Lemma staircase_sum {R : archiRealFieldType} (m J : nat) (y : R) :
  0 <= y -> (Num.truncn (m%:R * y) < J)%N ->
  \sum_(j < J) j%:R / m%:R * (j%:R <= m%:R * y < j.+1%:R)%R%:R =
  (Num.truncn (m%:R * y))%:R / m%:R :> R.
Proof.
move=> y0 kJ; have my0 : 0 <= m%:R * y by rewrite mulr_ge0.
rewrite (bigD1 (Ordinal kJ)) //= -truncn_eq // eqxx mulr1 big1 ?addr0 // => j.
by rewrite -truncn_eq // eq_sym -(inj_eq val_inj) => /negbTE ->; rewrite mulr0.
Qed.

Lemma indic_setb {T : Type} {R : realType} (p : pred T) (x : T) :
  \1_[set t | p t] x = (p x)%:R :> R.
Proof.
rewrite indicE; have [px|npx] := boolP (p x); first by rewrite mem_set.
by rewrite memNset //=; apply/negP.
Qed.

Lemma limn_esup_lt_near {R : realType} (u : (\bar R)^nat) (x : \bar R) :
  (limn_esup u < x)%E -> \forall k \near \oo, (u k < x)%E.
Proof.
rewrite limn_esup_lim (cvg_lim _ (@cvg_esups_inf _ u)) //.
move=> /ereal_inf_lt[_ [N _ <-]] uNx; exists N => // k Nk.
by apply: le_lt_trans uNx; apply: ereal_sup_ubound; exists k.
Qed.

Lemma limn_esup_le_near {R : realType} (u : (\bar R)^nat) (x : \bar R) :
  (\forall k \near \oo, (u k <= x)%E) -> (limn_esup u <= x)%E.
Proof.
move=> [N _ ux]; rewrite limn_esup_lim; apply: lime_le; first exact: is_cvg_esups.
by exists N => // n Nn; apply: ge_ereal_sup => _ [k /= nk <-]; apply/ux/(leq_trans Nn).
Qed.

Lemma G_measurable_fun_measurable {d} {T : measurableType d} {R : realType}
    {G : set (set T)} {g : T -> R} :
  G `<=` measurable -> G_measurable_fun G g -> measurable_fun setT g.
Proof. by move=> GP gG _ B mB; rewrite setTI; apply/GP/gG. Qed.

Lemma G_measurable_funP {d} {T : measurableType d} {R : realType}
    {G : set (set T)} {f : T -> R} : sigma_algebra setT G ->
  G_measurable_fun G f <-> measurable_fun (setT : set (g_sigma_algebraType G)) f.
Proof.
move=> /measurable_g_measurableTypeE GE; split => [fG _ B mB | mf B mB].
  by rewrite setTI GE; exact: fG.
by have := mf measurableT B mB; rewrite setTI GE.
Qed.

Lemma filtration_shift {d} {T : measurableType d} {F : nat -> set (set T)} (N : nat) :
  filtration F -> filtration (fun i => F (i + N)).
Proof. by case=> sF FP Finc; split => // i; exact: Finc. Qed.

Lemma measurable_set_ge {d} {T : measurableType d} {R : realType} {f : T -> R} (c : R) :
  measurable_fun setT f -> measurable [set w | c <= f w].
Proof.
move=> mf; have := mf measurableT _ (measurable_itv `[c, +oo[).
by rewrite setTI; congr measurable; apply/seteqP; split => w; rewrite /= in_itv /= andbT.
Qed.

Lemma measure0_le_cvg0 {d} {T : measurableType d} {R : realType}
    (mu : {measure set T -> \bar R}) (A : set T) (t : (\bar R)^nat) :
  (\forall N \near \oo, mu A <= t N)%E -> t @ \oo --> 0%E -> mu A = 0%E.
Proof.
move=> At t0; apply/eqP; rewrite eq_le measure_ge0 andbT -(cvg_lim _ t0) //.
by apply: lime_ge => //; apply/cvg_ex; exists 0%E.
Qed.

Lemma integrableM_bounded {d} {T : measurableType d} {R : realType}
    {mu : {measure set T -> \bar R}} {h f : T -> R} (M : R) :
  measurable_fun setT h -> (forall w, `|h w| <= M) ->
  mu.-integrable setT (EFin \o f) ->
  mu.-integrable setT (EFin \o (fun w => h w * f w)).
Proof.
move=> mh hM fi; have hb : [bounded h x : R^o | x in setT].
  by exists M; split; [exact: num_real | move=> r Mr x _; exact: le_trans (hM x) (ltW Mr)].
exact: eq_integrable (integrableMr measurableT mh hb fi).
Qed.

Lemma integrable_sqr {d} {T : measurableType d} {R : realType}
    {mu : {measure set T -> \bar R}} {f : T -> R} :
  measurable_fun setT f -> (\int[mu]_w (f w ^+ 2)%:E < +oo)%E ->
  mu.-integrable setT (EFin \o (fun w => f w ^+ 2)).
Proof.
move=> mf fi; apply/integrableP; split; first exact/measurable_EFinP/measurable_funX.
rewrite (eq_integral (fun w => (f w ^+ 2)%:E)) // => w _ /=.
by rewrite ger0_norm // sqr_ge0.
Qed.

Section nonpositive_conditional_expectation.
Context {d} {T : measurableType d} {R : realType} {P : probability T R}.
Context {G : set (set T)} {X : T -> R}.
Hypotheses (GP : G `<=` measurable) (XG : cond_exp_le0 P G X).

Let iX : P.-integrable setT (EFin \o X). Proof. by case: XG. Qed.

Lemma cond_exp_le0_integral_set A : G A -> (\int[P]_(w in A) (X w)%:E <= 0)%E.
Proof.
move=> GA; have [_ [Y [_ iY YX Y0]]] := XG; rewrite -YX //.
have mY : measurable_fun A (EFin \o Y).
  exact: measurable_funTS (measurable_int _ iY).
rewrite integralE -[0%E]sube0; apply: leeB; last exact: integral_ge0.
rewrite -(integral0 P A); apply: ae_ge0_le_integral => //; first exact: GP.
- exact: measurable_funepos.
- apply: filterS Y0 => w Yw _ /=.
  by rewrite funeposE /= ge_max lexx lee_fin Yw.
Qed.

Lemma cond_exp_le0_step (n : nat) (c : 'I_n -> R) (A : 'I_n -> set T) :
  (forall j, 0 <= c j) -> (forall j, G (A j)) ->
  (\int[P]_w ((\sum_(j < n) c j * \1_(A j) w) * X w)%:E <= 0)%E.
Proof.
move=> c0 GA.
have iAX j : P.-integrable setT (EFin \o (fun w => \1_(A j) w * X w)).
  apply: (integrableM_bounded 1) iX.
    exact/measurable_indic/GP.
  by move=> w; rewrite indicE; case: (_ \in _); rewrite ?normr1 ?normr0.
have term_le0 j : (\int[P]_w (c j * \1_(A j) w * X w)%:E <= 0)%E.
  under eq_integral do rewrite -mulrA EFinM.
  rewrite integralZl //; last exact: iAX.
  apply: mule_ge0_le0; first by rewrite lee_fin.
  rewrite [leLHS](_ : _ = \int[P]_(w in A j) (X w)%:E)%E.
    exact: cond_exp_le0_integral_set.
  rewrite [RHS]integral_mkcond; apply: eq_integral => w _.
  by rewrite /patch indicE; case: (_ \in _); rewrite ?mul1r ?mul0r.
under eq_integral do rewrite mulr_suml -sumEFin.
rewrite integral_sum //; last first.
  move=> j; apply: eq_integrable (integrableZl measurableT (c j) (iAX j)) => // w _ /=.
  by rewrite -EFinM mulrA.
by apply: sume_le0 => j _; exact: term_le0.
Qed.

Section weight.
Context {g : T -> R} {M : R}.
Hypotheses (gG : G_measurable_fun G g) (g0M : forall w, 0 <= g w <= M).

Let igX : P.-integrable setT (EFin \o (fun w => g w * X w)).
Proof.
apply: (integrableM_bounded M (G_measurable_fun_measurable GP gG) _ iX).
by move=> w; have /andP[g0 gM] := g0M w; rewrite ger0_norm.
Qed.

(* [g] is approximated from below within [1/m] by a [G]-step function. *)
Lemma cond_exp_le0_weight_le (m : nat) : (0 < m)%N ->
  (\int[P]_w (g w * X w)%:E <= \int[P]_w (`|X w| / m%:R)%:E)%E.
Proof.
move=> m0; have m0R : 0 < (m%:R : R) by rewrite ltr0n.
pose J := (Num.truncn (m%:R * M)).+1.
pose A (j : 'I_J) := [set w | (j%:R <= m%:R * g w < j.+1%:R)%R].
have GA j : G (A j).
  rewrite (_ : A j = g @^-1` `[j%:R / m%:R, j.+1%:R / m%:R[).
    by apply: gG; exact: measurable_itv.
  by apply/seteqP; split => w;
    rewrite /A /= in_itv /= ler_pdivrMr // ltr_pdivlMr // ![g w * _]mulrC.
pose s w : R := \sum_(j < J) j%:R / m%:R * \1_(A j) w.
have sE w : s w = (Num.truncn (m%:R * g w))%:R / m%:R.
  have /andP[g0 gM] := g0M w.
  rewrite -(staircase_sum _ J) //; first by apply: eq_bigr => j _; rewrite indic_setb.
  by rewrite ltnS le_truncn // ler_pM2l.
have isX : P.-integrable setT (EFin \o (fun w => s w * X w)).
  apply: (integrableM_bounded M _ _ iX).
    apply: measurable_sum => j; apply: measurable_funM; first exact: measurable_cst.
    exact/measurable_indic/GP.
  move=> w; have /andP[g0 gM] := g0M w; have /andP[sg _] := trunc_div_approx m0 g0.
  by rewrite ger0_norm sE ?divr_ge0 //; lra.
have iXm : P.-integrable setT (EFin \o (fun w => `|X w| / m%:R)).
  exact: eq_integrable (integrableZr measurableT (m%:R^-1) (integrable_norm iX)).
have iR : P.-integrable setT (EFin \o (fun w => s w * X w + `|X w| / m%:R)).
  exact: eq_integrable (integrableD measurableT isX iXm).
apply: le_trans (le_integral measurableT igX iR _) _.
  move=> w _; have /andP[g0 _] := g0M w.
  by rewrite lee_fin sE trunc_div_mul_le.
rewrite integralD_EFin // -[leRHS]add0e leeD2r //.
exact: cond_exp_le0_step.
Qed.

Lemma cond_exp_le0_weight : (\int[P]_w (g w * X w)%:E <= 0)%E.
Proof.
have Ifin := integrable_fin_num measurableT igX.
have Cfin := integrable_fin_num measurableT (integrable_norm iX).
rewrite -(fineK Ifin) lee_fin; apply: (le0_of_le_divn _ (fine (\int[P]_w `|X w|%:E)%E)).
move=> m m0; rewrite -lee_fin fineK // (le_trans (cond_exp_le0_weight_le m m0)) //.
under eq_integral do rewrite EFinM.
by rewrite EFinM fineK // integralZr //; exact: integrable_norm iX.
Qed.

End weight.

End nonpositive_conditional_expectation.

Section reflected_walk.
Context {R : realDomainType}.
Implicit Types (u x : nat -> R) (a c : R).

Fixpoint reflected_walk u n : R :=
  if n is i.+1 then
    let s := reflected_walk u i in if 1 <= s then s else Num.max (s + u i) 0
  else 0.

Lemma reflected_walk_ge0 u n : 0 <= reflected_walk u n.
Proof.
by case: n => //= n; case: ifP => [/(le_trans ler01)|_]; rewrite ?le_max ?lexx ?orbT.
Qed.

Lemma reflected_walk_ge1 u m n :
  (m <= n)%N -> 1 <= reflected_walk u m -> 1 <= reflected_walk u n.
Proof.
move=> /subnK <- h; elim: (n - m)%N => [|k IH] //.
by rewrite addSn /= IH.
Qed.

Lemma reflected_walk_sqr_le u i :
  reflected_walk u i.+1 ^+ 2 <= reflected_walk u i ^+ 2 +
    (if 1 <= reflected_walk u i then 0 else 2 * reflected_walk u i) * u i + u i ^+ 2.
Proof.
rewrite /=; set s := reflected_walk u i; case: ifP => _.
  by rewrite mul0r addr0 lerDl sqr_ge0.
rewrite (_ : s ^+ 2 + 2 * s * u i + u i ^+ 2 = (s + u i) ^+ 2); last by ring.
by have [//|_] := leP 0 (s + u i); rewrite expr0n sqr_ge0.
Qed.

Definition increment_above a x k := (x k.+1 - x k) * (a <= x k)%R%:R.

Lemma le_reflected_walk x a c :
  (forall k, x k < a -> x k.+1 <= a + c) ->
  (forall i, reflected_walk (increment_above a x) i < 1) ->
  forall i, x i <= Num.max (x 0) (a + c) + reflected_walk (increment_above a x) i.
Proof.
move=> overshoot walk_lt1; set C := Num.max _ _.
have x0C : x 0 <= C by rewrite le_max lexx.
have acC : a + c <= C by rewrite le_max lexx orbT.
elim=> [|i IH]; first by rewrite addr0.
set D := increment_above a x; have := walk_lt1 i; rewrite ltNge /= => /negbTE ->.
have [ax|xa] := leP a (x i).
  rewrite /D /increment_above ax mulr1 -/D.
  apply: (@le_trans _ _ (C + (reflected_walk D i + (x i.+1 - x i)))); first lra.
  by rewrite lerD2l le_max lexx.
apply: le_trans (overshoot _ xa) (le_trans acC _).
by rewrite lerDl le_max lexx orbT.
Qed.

---+---

▶ WORK REQUEST: Take the line above containing "exact: eq_integrable (integrableZr", the line containing "by rewrite lee_fin sE trunc_div_mul_le.", and all lines in between, and copy them exactly without anything else.

▶ ANSWER TO THE EXERCISE:
  exact: eq_integrable (integrableZr measurableT (m%:R^-1) (integrable_norm iX)).
have iR : P.-integrable setT (EFin \o (fun w => s w * X w + `|X w| / m%:R)).
  exact: eq_integrable (integrableD measurableT isX iXm).
apply: le_trans (le_integral measurableT igX iR _) _.
  move=> w _; have /andP[g0 _] := g0M w.
  by rewrite lee_fin sE trunc_div_mul_le.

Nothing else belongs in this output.